With this in mind, here’s how I view things right now…
There are plenty of risks surrounding the Aussie economy. We have huge household debt levels, amongst the highest in the world. We need a constant inflow of foreign capital to sustain this debt — and therefore sustain our standard of living.
If (and when) the global economy turns down again, Australia will be severely affected. Global capital flows will dry up, our dollar will plunge, and the RBA won’t have much firepower to offset the downturn.
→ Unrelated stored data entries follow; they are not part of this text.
(* Let $\mu,\nu$ be Borel probability measures on $\mathbb R$ such that $\operatorname{diam}\operatorname{supp}\mu=\operatorname{diam}\operatorname{supp}\nu<\infty$ and $\mu\prec\nu$. Then the mm-spaces $(\mathbb R,|\cdot|,\mu)$ and $(\mathbb R,|\cdot|,\nu)$ are mm-isomorphic.
   Context: An mm-space is a triple $(X,d_X,\mu_X)$ where $(X,d_X)$ is a complete separable metric space and $\mu_X$ is a Borel probability measure. Two mm-spaces $X,Y$ are mm-isomorphic if there is an isometry $f:\operatorname{supp}\mu_X\to\operatorname{supp}\mu_Y$ with $f_*\mu_X=\mu_Y$. For mm-spaces, $Y\prec X$ if there is a 1-Lipschitz map $f:\operatorname{supp}\mu_X\to\operatorname{supp}\mu_Y$ with $f_*\mu_X=\mu_Y$. For Borel probability measures $\mu,\nu$ on $\mathbb R$, $\mu\prec\nu$ means $(\mathbb R,|\cdot|,\mu)\prec(\mathbb R,|\cdot|,\nu)$. The diameter of a set $A$ is $\sup_{x,y\in A}|x-y|$. *)

(* Borel probability measures on R are
   [probability R R], where the canonical sigma-algebra on a realType R
   is the Borel one (generated by the half-open intervals). *)
From HB Require Import structures.
From mathcomp Require Import all_boot all_order all_algebra.
From mathcomp Require Import all_classical all_reals all_analysis.
Set Implicit Arguments. Unset Strict Implicit. Unset Printing Implicit Defensive.
Import Order.TTheory GRing.Theory Num.Theory.
Import numFieldTopology.Exports numFieldNormedType.Exports.
Local Open Scope classical_set_scope.
Local Open Scope ring_scope.

Definition supp (R : realType) (mu : probability R R) : set R :=
  [set x : R | forall U : set R, open U -> U x -> (0 < mu U)%E].

Definition diam (R : realType) (A : set R) : \bar R :=
  ereal_sup [set (`|x - y|)%:E | x in A & y in A].

(* f restricted to supp nu pushes nu forward to mu (f defined on supp nu;
   its values outside supp nu are irrelevant) *)
Definition pushes_on (R : realType) (f : R -> R) (nu mu : probability R R) :=
  forall A : set R, measurable A ->
    measurable (supp nu `&` f @^-1` A) /\ nu (supp nu `&` f @^-1` A) = mu A.

(* mu ≺ nu : (R,|.|,mu) ≺ (R,|.|,nu), i.e. there is a 1-Lipschitz map
   f : supp nu -> supp mu with f_* nu = mu *)
Definition dominated (R : realType) (mu nu : probability R R) : Prop :=
  exists f : R -> R,
    [/\ (forall x, supp nu x -> supp mu (f x)),
        (forall x y, supp nu x -> supp nu y -> `|f x - f y| <= `|x - y|)
      & pushes_on f nu mu].

Definition mm_isomorphic (R : realType) (mu nu : probability R R) : Prop :=
  exists f : R -> R,
    [/\ (forall x, supp mu x -> supp nu (f x)),
        (forall x y, supp mu x -> supp mu y -> `|f x - f y| = `|x - y|)
      & pushes_on f mu nu].

(* Pushing nu forward along the 1-Lipschitz map f shows that both supports
   have full measure and that f (supp nu) is dense in supp mu.  Both supports
   are compact, with extreme points a <= b and c <= d, and b - a = d - c.
   Points z, w of supp nu with f z close to c and f w close to d must be
   almost b - a apart, which forces |f b - f a| = b - a; a 1-Lipschitz map on
   a subset of [a, b] stretching the endpoints by the full length is
   x |-> f a +- (x - a).  The inverse affine map is the required isometry
   pushing mu forward to nu. *)

From HB Require Import structures.
From mathcomp Require Import all_boot all_order all_algebra.
From mathcomp Require Import all_classical all_reals all_analysis.
From mathcomp Require Import ring lra measurable_realfun.
Import Order.TTheory GRing.Theory Num.Theory.
Import numFieldTopology.Exports numFieldNormedType.Exports.
Set Implicit Arguments. Unset Strict Implicit.
Local Open Scope classical_set_scope.
Local Open Scope ring_scope.

Section OneLipschitzOnInterval.
Variables (R : realFieldType) (S : set R) (a b : R) (f : R -> R).
Hypotheses (Sa : S a) (Sb : S b) (S_itv : forall x, S x -> a <= x <= b).
Hypothesis f_lip : forall x y, S x -> S y -> `|f x - f y| <= `|x - y|.

Let lip_le x y : S x -> S y -> y <= x -> `|f x - f y| <= x - y.
Proof.
by move=> Sx Sy yx; rewrite -[x - y]ger0_norm ?subr_ge0 //; exact: f_lip.
Qed.

Lemma lip1_image_dist_le z w : S z -> S w ->
  2 * `|f w - f z| <= (b - a) + `|f b - f a|.
Proof.
wlog zw : z w / z <= w.
  move=> gap Sz Sw; have [zw|/ltW wz] := lerP z w; first exact: gap.
  by rewrite distrC; exact: gap.
move=> Sz Sw; have /andP[az _] := S_itv Sz; have /andP[_ wb] := S_itv Sw.
have fwz := lip_le Sw Sz zw; have fbw := lip_le Sb Sw wb.
have fza := lip_le Sz Sa az.
have tri : `|f w - f z| <= `|f w - f b| + (`|f b - f a| + `|f a - f z|).
  apply: (le_trans (ler_distD (f b) _ _)); rewrite lerD2l.
  exact: ler_distD.
rewrite (distrC (f w) (f b)) (distrC (f a) (f z)) in tri.
lra.
Qed.

Lemma lip1_affine_of_endpoint_dist : `|f b - f a| = b - a ->
  exists2 s : R, `|s| = 1 & forall z, S z -> f z = s * (z - a) + f a.
Proof.
move=> fab.
have bounds z : S z -> `|f z - f a| <= z - a /\ `|f b - f z| <= b - z.
  by move=> Sz; have /andP[az zb] := S_itv Sz; split; exact: lip_le.
have [fab0|fab0] := lerP 0 (f b - f a).
- exists 1; first exact: normr1.
  move=> z /bounds[/ler_normlP[_ ?] /ler_normlP[_ ?]].
  move: fab; rewrite ger0_norm //; lra.
- exists (-1); first by rewrite normrN normr1.
  move=> z /bounds[/ler_normlP[? _] /ler_normlP[? _]].
  move: fab; rewrite ltr0_norm //; lra.
Qed.

Lemma lip1_endpoint_dist_eq (c d : R) :
  b - a <= d - c ->
  closure (f @` S) c -> closure (f @` S) d -> `|f b - f a| = b - a.
Proof.
move=> len_le clc cld.
have near x e : closure (f @` S) x -> 0 < e -> exists2 z, S z & `|x - f z| < e.
  move=> clx e0; have [_ [[z Sz <-] xz]] := clx _ (nbhsx_ballx _ _ e0).
  by exists z; rewrite // -ball_normE.
have /andP[ab _] := S_itv Sb.
apply/eqP; rewrite eq_le; apply/andP; split.
  by rewrite -[b - a]ger0_norm ?subr_ge0 //; exact: f_lip.
apply/ler_addgt0Pr => e e0.
have e40 : 0 < e / 4 by rewrite divr_gt0.
have [z Sz /ltr_normlP[cz _]] := near c _ clc e40.
have [w Sw /ltr_normlP[_ wd]] := near d _ cld e40.
have := lip1_image_dist_le Sz Sw; have := ler_norm (f w - f z).
lra.
Qed.

End OneLipschitzOnInterval.

Lemma probability_setI_full d (T : measurableType d) (R : realType)
    (P : probability T R) (S A : set T) :
  measurable S -> P S = 1%E -> measurable A -> P (S `&` A) = P A.
Proof.
move=> mS PS1 mA.
have PAS0 : P (A `\` S) = 0%E.
  apply: (subset_measure0 (B := ~` S)).
  - exact: measurableD.
  - exact: measurableC.
  - by move=> x [].
  - by have := probability_setC P mS; rewrite PS1 subee.
by have /= -> := measureDI P mA mS; rewrite PAS0 add0e setIC.
Qed.

Section Support.
Variable R : realType.
Implicit Types P : probability R R.

Lemma supp_closed P : closed (supp P).
Proof.
move=> x clx U oU Ux.
have [y [Py Uy]] := clx U (open_nbhs_nbhs (conj oU Ux)).
exact: Py U oU Uy.
Qed.

Lemma measurable_supp P : measurable (supp P).
Proof. by apply: closed_measurable; exact: supp_closed. Qed.

Lemma supp_neq0 P : P (supp P) = 1%E -> supp P !=set0.
Proof.
move=> P1; apply/set0P/negP => /eqP S0.
by move: P1; rewrite S0 measure0 => /esym/eqP; rewrite onee_eq0.
Qed.

End Support.

Lemma diam_ge_dist (R : realType) (S : set R) x y :
  S x -> S y -> (`|x - y|%:E <= diam S)%E.
Proof. by move=> Sx Sy; apply: ereal_sup_ubound; exists x => //; exists y. Qed.

Lemma closed_diam_lt_pinfty_extrema (R : realType) (S : set R) :
  closed S -> S !=set0 -> (diam S < +oo)%E ->
  [/\ S (inf S), S (sup S), (forall x, S x -> inf S <= x <= sup S)
    & diam S = (sup S - inf S)%:E].
Proof.
move=> clS [x0 Sx0] diam_fin.
have [r diam_r] : exists r, diam S = r%:E.
  move: diam_fin (diam_ge_dist Sx0 Sx0).
  by case: (diam S) => [r| |] //; exists r.
have dist_le x : S x -> `|x - x0| <= r.
  by move=> Sx; rewrite -lee_fin -diam_r; exact: diam_ge_dist.
have supS : has_sup S.
  split; first by exists x0.
  by exists (x0 + r) => x /dist_le; rewrite ler_distl => /andP[].
have lbS : has_lbound S.
  by exists (x0 - r) => x /dist_le; rewrite ler_distl => /andP[].
have S_sup : S (sup S).
  apply: (itv_closed_supremums (ex_intro _ x0 Sx0) clS).
  by split; [exact: sup_upper_bound | move=> y; apply: ge_sup; exists x0].
have S_inf : S (inf S).
  apply: (itv_closed_infimums (ex_intro _ x0 Sx0) clS).
  by split; [exact: ge_inf | move=> y; apply: lb_le_inf; exists x0].
have S_itv x : S x -> inf S <= x <= sup S.
  by move=> Sx; rewrite (ge_inf lbS) ?(sup_upper_bound supS).
split => //; apply/le_anti/andP; split.
  apply: ge_ereal_sup => _ [x Sx [y Sy <-]]; rewrite lee_fin ler_norml.
  by have := S_itv _ Sx; have := S_itv _ Sy; lra.
have /andP[inf_sup _] := S_itv _ S_sup.
by rewrite -[sup S - inf S]ger0_norm ?subr_ge0 //; exact: diam_ge_dist.
Qed.

Section Pushforward.
Variables (R : realType) (mu nu : probability R R) (f : R -> R).
Hypothesis f_push : pushes_on f nu mu.

Lemma pushes_on_supp_full : nu (supp nu) = 1%E.
Proof.
by have [_] := f_push measurableT; rewrite preimage_setT setIT probability_setT.
Qed.

Lemma supp_sub_closure_image : supp mu `<=` closure (f @` supp nu).
Proof.
move=> x mux B /nbhs_ballP[e /= e0 eB].
have := mux _ (ball_open x e) (ballxx x e0).
have [_ <-] := f_push (open_measurable (ball_open x e)).
have [->|/set0P[z [nuz fz]]] := eqVneq (supp nu `&` f @^-1` ball x e) set0.
  by rewrite measure0 ltxx.
by move=> _; exists (f z); split; [exists z | exact: eB].
Qed.

Hypothesis f_supp : forall x, supp nu x -> supp mu (f x).

Lemma pushes_on_supp_full_image : mu (supp mu) = 1%E.
Proof.
have [_ <-] := f_push (measurable_supp mu).
have -> : supp nu `&` f @^-1` supp mu = supp nu.
  by apply/seteqP; split => [x []//|x nux]; split => //; exact: f_supp.
exact: pushes_on_supp_full.
Qed.

Lemma pushes_on_inverse (g : R -> R) : measurable_fun setT g ->
  (forall z, supp nu z -> g (f z) = z) -> pushes_on g mu nu.
Proof.
move=> g_meas gf A mA.
have mgA : measurable (supp mu `&` g @^-1` A).
  apply: measurableI; first exact: measurable_supp.
  by rewrite -[_ @^-1` _]setTI; exact: g_meas.
split => //; have [_ <-] := f_push mgA.
have -> : supp nu `&` f @^-1` (supp mu `&` g @^-1` A) = supp nu `&` A.
  apply/seteqP; split => z [nuz fz]; split => //.
    by case: fz; rewrite /preimage /= gf.
  by split; [exact: f_supp | rewrite /preimage /= gf].
apply: probability_setI_full mA; first exact: measurable_supp.
exact: pushes_on_supp_full.
Qed.

End Pushforward.

Lemma continuous_pushes_on_supp (R : realType) (P Q : probability R R)
    (g : R -> R) :
  continuous g -> P (supp P) = 1%E -> pushes_on g P Q ->
  forall x, supp P x -> supp Q (g x).
Proof.
move=> g_cont P1 g_push x Px U oU Ugx.
have oV : open (g @^-1` U) by exact: (proj1 (continuousP _) g_cont).
have [_ <-] := g_push _ (open_measurable oU).
by rewrite (probability_setI_full (measurable_supp P) P1 (open_measurable oV));
  exact: Px.
Qed.

Lemma mm_isomorphic_of_affine (R : realType) (mu nu : probability R R)
    (f : R -> R) (s t u : R) :
  `|s| = 1 -> (forall x, supp nu x -> supp mu (f x)) -> pushes_on f nu mu ->
  (forall z, supp nu z -> f z = s * (z - t) + u) -> mm_isomorphic mu nu.
Proof.
move=> s1 f_supp f_push f_affine.
pose g x := s * (x - u) + t.
have g_cont : continuous g.
  move=> x; apply: cvgD; last exact: cvg_cst.
  apply: cvgM; first exact: cvg_cst.
  by apply: cvgB; [exact: cvg_id | exact: cvg_cst].
have /eqP ss : s ^+ 2 == 1 by rewrite sqr_norm_eq1 s1.
have gf z : supp nu z -> g (f z) = z.
  by move=> nuz; rewrite /g f_affine // addrK mulrA -expr2 ss mul1r subrK.
have g_push :=
  pushes_on_inverse f_push f_supp (continuous_measurable_fun g_cont) gf.
have mu1 := pushes_on_supp_full_image f_push f_supp.
exists g; split => //; first exact: continuous_pushes_on_supp g_cont mu1 g_push.
move=> x y _ _; have -> : g x - g y = s * (x - y) by rewrite /g; ring.
by rewrite normrM s1 mul1r.
Qed.

Theorem lemma4p1 (R : realType) (mu nu : probability R R) :
  diam (supp mu) = diam (supp nu) ->
  (diam (supp mu) < +oo)%E ->
  dominated mu nu ->
  mm_isomorphic mu nu.
Proof.
move=> diam_eq diam_fin [f [f_supp f_lip f_push]].
have mu1 := pushes_on_supp_full_image f_push f_supp.
have nu1 := pushes_on_supp_full f_push.
have [mu_inf mu_sup _ mu_diam] :=
  closed_diam_lt_pinfty_extrema (@supp_closed _ mu) (supp_neq0 mu1) diam_fin.
have diam_fin_nu : (diam (supp nu) < +oo)%E by rewrite -diam_eq.
have [nu_inf nu_sup nu_itv nu_diam] :=
  closed_diam_lt_pinfty_extrema (@supp_closed _ nu) (supp_neq0 nu1) diam_fin_nu.
have len_le : sup (supp nu) - inf (supp nu) <= sup (supp mu) - inf (supp mu).
  by rewrite -lee_fin -nu_diam -mu_diam diam_eq.
have clmu := supp_sub_closure_image f_push.
have f_ends := lip1_endpoint_dist_eq nu_inf nu_sup nu_itv f_lip len_le
  (clmu _ mu_inf) (clmu _ mu_sup).
have [s s1 f_affine] :=
  lip1_affine_of_endpoint_dist nu_inf nu_sup nu_itv f_lip f_ends.
exact: mm_isomorphic_of_affine s1 f_supp f_push f_affine.
Qed.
This scenario was a very plausible one throughout 2015 and early 2016. Commodities, a major source of income for Australia, were in a deep bear market. China was struggling to contain the fallout from its huge credit bubble. At one point the Aussie dollar fell below US$0.70.
The message from BHP
But things started to turn in 2016. And that momentum has continued into 2017. Commodities are in a new bull market. For evidence, just look at the share price of Australia’s commodity bellwether, BHP Billiton [ASX:BHP]
Click to enlarge
It’s jumped from $16 to a recent high of $28 over the past 12 months. That’s a gain of 75%. You simply don’t get such a share price surge in one of the world’s biggest commodity producers if the short term prospects for the Aussie economy are poor.
On top of this, Australia has a big increase in LNG exports underway right now. (In fact, this is creating a huge but little known investment opportunity. Click here for details). These LNG exports will improve our balance of payments for the next year or so, and reduce reliance on foreign capital.
That’s why the Aussie dollar is so resilient.
For now then, the pressure is off the Aussie economy. That’s why the market is rising. Investor sentiment is improving, and this always increases stock prices. Earnings should improve too, which will provide a further boost.
But that doesn’t mean we’re in the clear. The problem — too much debt — remains. It’s just not a problem right now.